TASK PROMPT ::
Copy each line from the data that has the word "destruct" in it.

(Collected data)
****

(* Let $\mathbb{I}>0$, $0<c\le1$, and for $\ell>0$ let $g_c(\ell)=4c\ell^2\int_0^\infty u^2\,\Phi\big(-\frac{u\ell\sqrt{c\mathbb{I}}}{2}\big)\phi(u)\,du$. Then $g_c$ is maximized at $\ell_{opt}=\frac{2.426}{\sqrt{c\,\mathbb{I}}}$ (constant to three decimals), and $$\alpha_{opt}=4\int_0^\infty\Phi\Big(-\frac{u\ell_{opt}\sqrt{c\,\mathbb{I}}}{2}\Big)\phi(u)\,du=0.439$$ up to three decimal places.
   Context: $\Phi,\phi$ are the standard normal cdf and density. $g_c$ is the diffusion speed of the limiting diffusion of additive TMCMC-within-Gibbs for i.i.d. product targets (each coordinate updated with probability tending to $c$), $\mathbb{I}=E_f[(f'/f)^2]$ is the Fisher information of the marginal density $f$, and $\alpha_{opt}$ is the corresponding optimal acceptance rate. *)

From Stdlib Require Import Reals.
From Coquelicot Require Import Coquelicot.
Open Scope R_scope.

Definition std_phi (x : R) : R := exp (- x ^ 2 / 2) / sqrt (2 * PI).

Definition std_Phi (x : R) : R :=
  RInt_gen std_phi (Rbar_locally m_infty) (at_point x).

Definition g_c (c I l : R) : R :=
  4 * c * l ^ 2 *
  RInt_gen (fun u => u ^ 2 * std_Phi (- (u * l * sqrt (c * I)) / 2) * std_phi u)
           (at_point 0) (Rbar_locally p_infty).

Definition alpha_acc (c I l : R) : R :=
  4 * RInt_gen (fun u => std_Phi (- (u * l * sqrt (c * I)) / 2) * std_phi u)
           (at_point 0) (Rbar_locally p_infty).

From Stdlib Require Import Reals Lra.
From Coquelicot Require Import Coquelicot.
Open Scope R_scope.

(* Put [a = l sqrt(c I) / 2] and [phi_int x = int_0^x phi], so that [Phi(-a u) = Phi(0) - phi_int (a u)]
   with [Phi(0) = phi_int_inf], the limit of [phi_int] at infinity.
   Owen's T function [T(h, a) = 1/(2 PI) int_0^a exp(-h^2 (1 + x^2) / 2) / (1 + x^2) dx] satisfies
   [d/dh T(h, a) = - phi(h) phi_int (a h)], [T(0, a) = atan a / (2 PI)] and [T(h, a) -> 0], hence
   [Phi(0) phi_int + T] is an antiderivative of [(Phi(0) - phi_int (a u)) phi(u)] and
   [int_0^oo (Phi(0) - phi_int (a u)) phi(u) du = Phi(0)^2 - atan a / (2 PI)].
   This identity also yields [Phi(0) = 1/2]: the integral is nonnegative, and it tends to [0] as [a -> oo].
   One integration by parts more gives the second moment, so that
   [alpha = 1 - (2/PI) atan a] and [g_c = (16/I) a^2 (1/4 - atan a / (2 PI) - a / (2 PI (1 + a^2)))].
   The derivative of the last factor [a^2 (...)] is [a/PI] times a function that decreases on [[0, 17/10]]
   and is negative beyond, so the maximiser is its unique positive root, which Taylor bounds for
   [atan] and Machin's formula for [PI] locate in [[1.21275, 1.21325]]. *)

Lemma le_of_derive_nonneg (f df : R -> R) (x y : R) :
  x <= y -> (forall t, x <= t <= y -> is_derive f t (df t)) ->
  (forall t, x <= t <= y -> 0 <= df t) -> f x <= f y.
Proof.
  intros Hxy Hd Hp.
  destruct (MVT_gen f x y df) as [c [Hc Heq]];
    rewrite ?Rmin_left, ?Rmax_right in * by lra.
  - intros t Ht; apply Hd; lra.
  - intros t Ht. apply continuity_pt_filterlim, (ex_derive_continuous (V := R_NormedModule)).
    eexists; apply Hd; lra.
  - assert (0 <= df c * (y - x)) by (apply Rmult_le_pos; [apply Hp|]; lra). lra.
Qed.

Lemma lt_of_derive_pos (f df : R -> R) (x y : R) :
  x < y -> (forall t, x <= t <= y -> is_derive f t (df t)) ->
  (forall t, x < t < y -> 0 < df t) -> f x < f y.
Proof.
  intros Hxy Hd Hp.
  destruct (MVT_cor2 f df x y Hxy) as [c [E Hc]].
  - intros t Ht. apply is_derive_Reals, Hd, Ht.
  - assert (0 < df c * (y - x)) by (apply Rmult_lt_0_compat; [apply Hp|]; lra). lra.
Qed.

Lemma exp_le_exp x y : x <= y -> exp x <= exp y.
Proof. intros [H|<-]; [left; now apply exp_increasing | apply Rle_refl]. Qed.

Lemma exp_neg_sq_half_le x : 0 < x -> exp (- x ^ 2 / 2) <= 2 / x ^ 2.
Proof.
  intros Hx. replace (- x ^ 2 / 2) with (- (x ^ 2 / 2)) by field. rewrite exp_Ropp.
  replace (2 / x ^ 2) with (/ (x ^ 2 / 2)) by (field; lra).
  apply Rinv_le_contravar; [nra|]. generalize (exp_ineq1_le (x ^ 2 / 2)). lra.
Qed.

Lemma one_plus_sq_pos x : 0 < 1 + x ^ 2.
Proof. generalize (pow2_ge_0 x). lra. Qed.

Lemma filterlim_at_point (f : R -> R) (x : R) : filterlim f (at_point x) (locally (f x)).
Proof. intros P HP. exact (locally_singleton _ _ HP). Qed.

Lemma is_RInt_gen_of_derive {Fa Fb : (R -> Prop) -> Prop} {FFa : Filter Fa} {FFb : Filter Fb}
  (f F : R -> R) (la lb : R) :
  (forall x, is_derive F x (f x)) -> (forall x, continuous f x) ->
  filterlim F Fa (locally la) -> filterlim F Fb (locally lb) ->
  is_RInt_gen f Fa Fb (lb - la).
Proof.
  intros HF Hf Ha Hb.
  assert (DF : forall x, Derive F x = f x) by (intros; apply is_derive_unique, HF).
  apply (is_RInt_gen_ext (Derive F)).
  { apply filter_forall. intros [a b] x _. apply DF. }
  apply is_RInt_gen_Derive; auto; apply filter_forall; intros [a b] x _.
  - eexists; apply HF.
  - apply (continuous_ext f); auto.
Qed.

Lemma is_lim_p_infty_of_nondecreasing (f : R -> R) (K : R) :
  (forall x y, x <= y -> f x <= f y) -> (forall x, f x <= K) ->
  { L : R | is_lim f p_infty L /\ forall x, f x <= L }.
Proof.
  intros Hmono Hbnd.
  destruct (completeness (fun y => exists x, y = f x)) as [L [Hub Hleast]].
  { exists K. intros y [x ->]. apply Hbnd. }
  { exists (f 0). now exists 0. }
  assert (HfL : forall x, f x <= L) by (intros x; apply Hub; now exists x).
  exists L. split; auto.
  apply (is_lim_spec f p_infty L). intros eps.
  destruct (Classical_Prop.classic (exists x0, L - eps < f x0)) as [[x0 Hx0]|Hn].
  - exists x0. intros x Hx. specialize (Hmono x0 x ltac:(lra)). specialize (HfL x).
    apply Rabs_lt_between'. lra.
  - exfalso. assert (L <= L - eps) by (apply Hleast; intros y [x ->]; apply Rnot_lt_le; eauto).
    generalize (cond_pos eps). lra.
Qed.

Lemma le_is_lim_p_infty (f g : R -> R) (lf lg : R) :
  (exists M, forall x, M < x -> f x <= g x) ->
  is_lim f p_infty lf -> is_lim g p_infty lg -> lf <= lg.
Proof. exact (is_lim_le_loc f g p_infty lf lg). Qed.

Lemma is_lim_p_infty_squeeze (f g : R -> R) :
  is_lim g p_infty 0 -> (forall x, 1 < x -> 0 <= f x <= g x) -> is_lim f p_infty 0.
Proof.
  intros Hg Hfg. apply (is_lim_le_le_loc (fun _ => 0) g); [|apply is_lim_const | exact Hg].
  exists 1. exact Hfg.
Qed.

Lemma is_lim_inv_p_infty : is_lim (fun x => / x) p_infty 0.
Proof. apply (is_lim_inv (fun x => x) p_infty p_infty); [apply is_lim_id | discriminate]. Qed.

Lemma is_RInt_atan a : is_RInt (fun x => / (1 + x ^ 2)) 0 a (atan a).
Proof.
  replace (atan a) with (minus (atan a) (atan 0))
    by (rewrite atan_0; unfold minus, plus, opp; simpl; ring).
  apply (is_RInt_derive (V := R_CompleteNormedModule)); intros x _.
  - replace (x ^ 2) with (x²) by (unfold Rsqr; ring). apply is_derive_atan.
  - apply (ex_derive_continuous (V := R_NormedModule)). auto_derive.
    apply Rgt_not_eq, one_plus_sq_pos.
Qed.

Lemma is_lim_atan_p_infty : is_lim atan p_infty (PI / 2).
Proof.
  apply (is_lim_ext_loc (fun x => PI / 2 + - atan (/ x))).
  { exists 0. intros x Hx. rewrite atan_inv by lra. ring. }
  assert (Hatan : is_lim (fun x => atan (/ x)) p_infty (atan 0)).
  { apply is_lim_comp_continuous; [apply is_lim_inv_p_infty | apply continuous_atan]. }
  rewrite atan_0 in Hatan.
  rewrite <- (Rplus_0_r (PI / 2)), <- Ropp_0 at 1.
  apply is_lim_plus'; [apply is_lim_const | apply (is_lim_opp _ _ 0), Hatan].
Qed.

Lemma is_lim_atan_div_2PI : is_lim (fun a => atan a / (2 * PI)) p_infty (1 / 4).
Proof.
  apply (is_lim_ext (fun a => / (2 * PI) * atan a)); [intros; unfold Rdiv; apply Rmult_comm|].
  replace (1 / 4) with (/ (2 * PI) * (PI / 2)) by (field; apply PI_neq0).
  apply (is_lim_scal_l _ _ p_infty (PI / 2)), is_lim_atan_p_infty.
Qed.

Lemma atan_shift p : 0 < p -> atan p = PI / 4 + atan ((p - 1) / (p + 1)).
Proof.
  intros Hp. rewrite <- atan_1.
  assert (E := atan_sub_correct p 1). unfold atan_sub in E.
  replace (1 + p * 1) with (p + 1) in E by ring. apply E; [lra| |].
  - rewrite atan_1. generalize (atan_increasing 0 p Hp) (atan_bound p) PI_RGT_0. rewrite atan_0. lra.
  - generalize (atan_bound ((p - 1) / (p + 1))). lra.
Qed.

Lemma sqrt_2PI_pos : 0 < sqrt (2 * PI).
Proof. apply sqrt_lt_R0. generalize PI_RGT_0. lra. Qed.

Lemma std_phi_pos x : 0 < std_phi x.
Proof. apply Rdiv_lt_0_compat; [apply exp_pos | apply sqrt_2PI_pos]. Qed.

Lemma std_phi_opp x : std_phi (- x) = std_phi x.
Proof. unfold std_phi. replace ((- x) ^ 2) with (x ^ 2) by ring. reflexivity. Qed.

Lemma std_phi_le x : std_phi x <= / sqrt (2 * PI).
Proof.
  unfold std_phi, Rdiv. rewrite <- (Rmult_1_l (/ sqrt (2 * PI))) at 2.
  apply Rmult_le_compat_r; [left; apply Rinv_0_lt_compat, sqrt_2PI_pos|].
  rewrite <- exp_0. apply exp_le_exp. generalize (pow2_ge_0 x). lra.
Qed.

Lemma std_phi_mul x y : std_phi x * std_phi y = exp (- (x ^ 2 + y ^ 2) / 2) / (2 * PI).
Proof.
  unfold std_phi. rewrite <- (sqrt_sqrt (2 * PI)) at 3 by (generalize PI_RGT_0; lra).
  replace (- (x ^ 2 + y ^ 2) / 2) with (- x ^ 2 / 2 + - y ^ 2 / 2) by field.
  rewrite exp_plus. field. apply Rgt_not_eq, sqrt_2PI_pos.
Qed.

Lemma is_derive_std_phi x : is_derive std_phi x (- x * std_phi x).
Proof.
  unfold std_phi. auto_derive; [exact I|].
  replace (- (x * (x * 1)) * / 2) with (- x ^ 2 / 2) by field. field.
  apply Rgt_not_eq, sqrt_2PI_pos.
Qed.

Lemma continuous_std_phi x : continuous std_phi x.
Proof. apply (ex_derive_continuous (V := R_NormedModule)). eexists; apply is_derive_std_phi. Qed.

Lemma ex_RInt_std_phi a b : ex_RInt std_phi a b.
Proof. apply (ex_RInt_continuous (V := R_CompleteNormedModule)). intros; apply continuous_std_phi. Qed.

Lemma is_lim_id_mul_std_phi : is_lim (fun x => x * std_phi x) p_infty 0.
Proof.
  apply (is_lim_p_infty_squeeze _ (fun x => 2 / sqrt (2 * PI) * / x)).
  { rewrite <- (Rmult_0_r (2 / sqrt (2 * PI))).
    apply (is_lim_scal_l _ _ p_infty 0), is_lim_inv_p_infty. }
  intros x Hx. generalize (std_phi_pos x) sqrt_2PI_pos (exp_neg_sq_half_le x ltac:(lra)).
  intros Hphi Hs Hexp. split; [nra|].
  unfold std_phi. apply (Rmult_le_reg_r (x * sqrt (2 * PI))); [nra|].
  replace (x * (exp (- x ^ 2 / 2) / sqrt (2 * PI)) * (x * sqrt (2 * PI))) with (x ^ 2 * exp (- x ^ 2 / 2))
    by (field; lra).
  replace (2 / sqrt (2 * PI) * / x * (x * sqrt (2 * PI))) with (x ^ 2 * (2 / x ^ 2)) by (field; lra).
  apply Rmult_le_compat_l; [nra | exact Hexp].
Qed.

Lemma is_lim_std_phi : is_lim std_phi p_infty 0.
Proof.
  apply (is_lim_p_infty_squeeze _ _ is_lim_id_mul_std_phi).
  intros x Hx. generalize (std_phi_pos x). nra.
Qed.

Definition phi_int (x : R) : R := RInt std_phi 0 x.

Lemma is_derive_phi_int x : is_derive phi_int x (std_phi x).
Proof.
  apply (is_derive_RInt (V := R_NormedModule) std_phi phi_int 0); [|apply continuous_std_phi].
  apply filter_forall. intros b. apply (RInt_correct (V := R_CompleteNormedModule)), ex_RInt_std_phi.
Qed.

****

EXPECTED ANSWER ::
  destruct (MVT_gen f x y df) as [c [Hc Heq]];
  destruct (MVT_cor2 f df x y Hxy) as [c [E Hc]].
  destruct (completeness (fun y => exists x, y = f x)) as [L [Hub Hleast]].
  destruct (Classical_Prop.classic (exists x0, L - eps < f x0)) as [[x0 Hx0]|Hn].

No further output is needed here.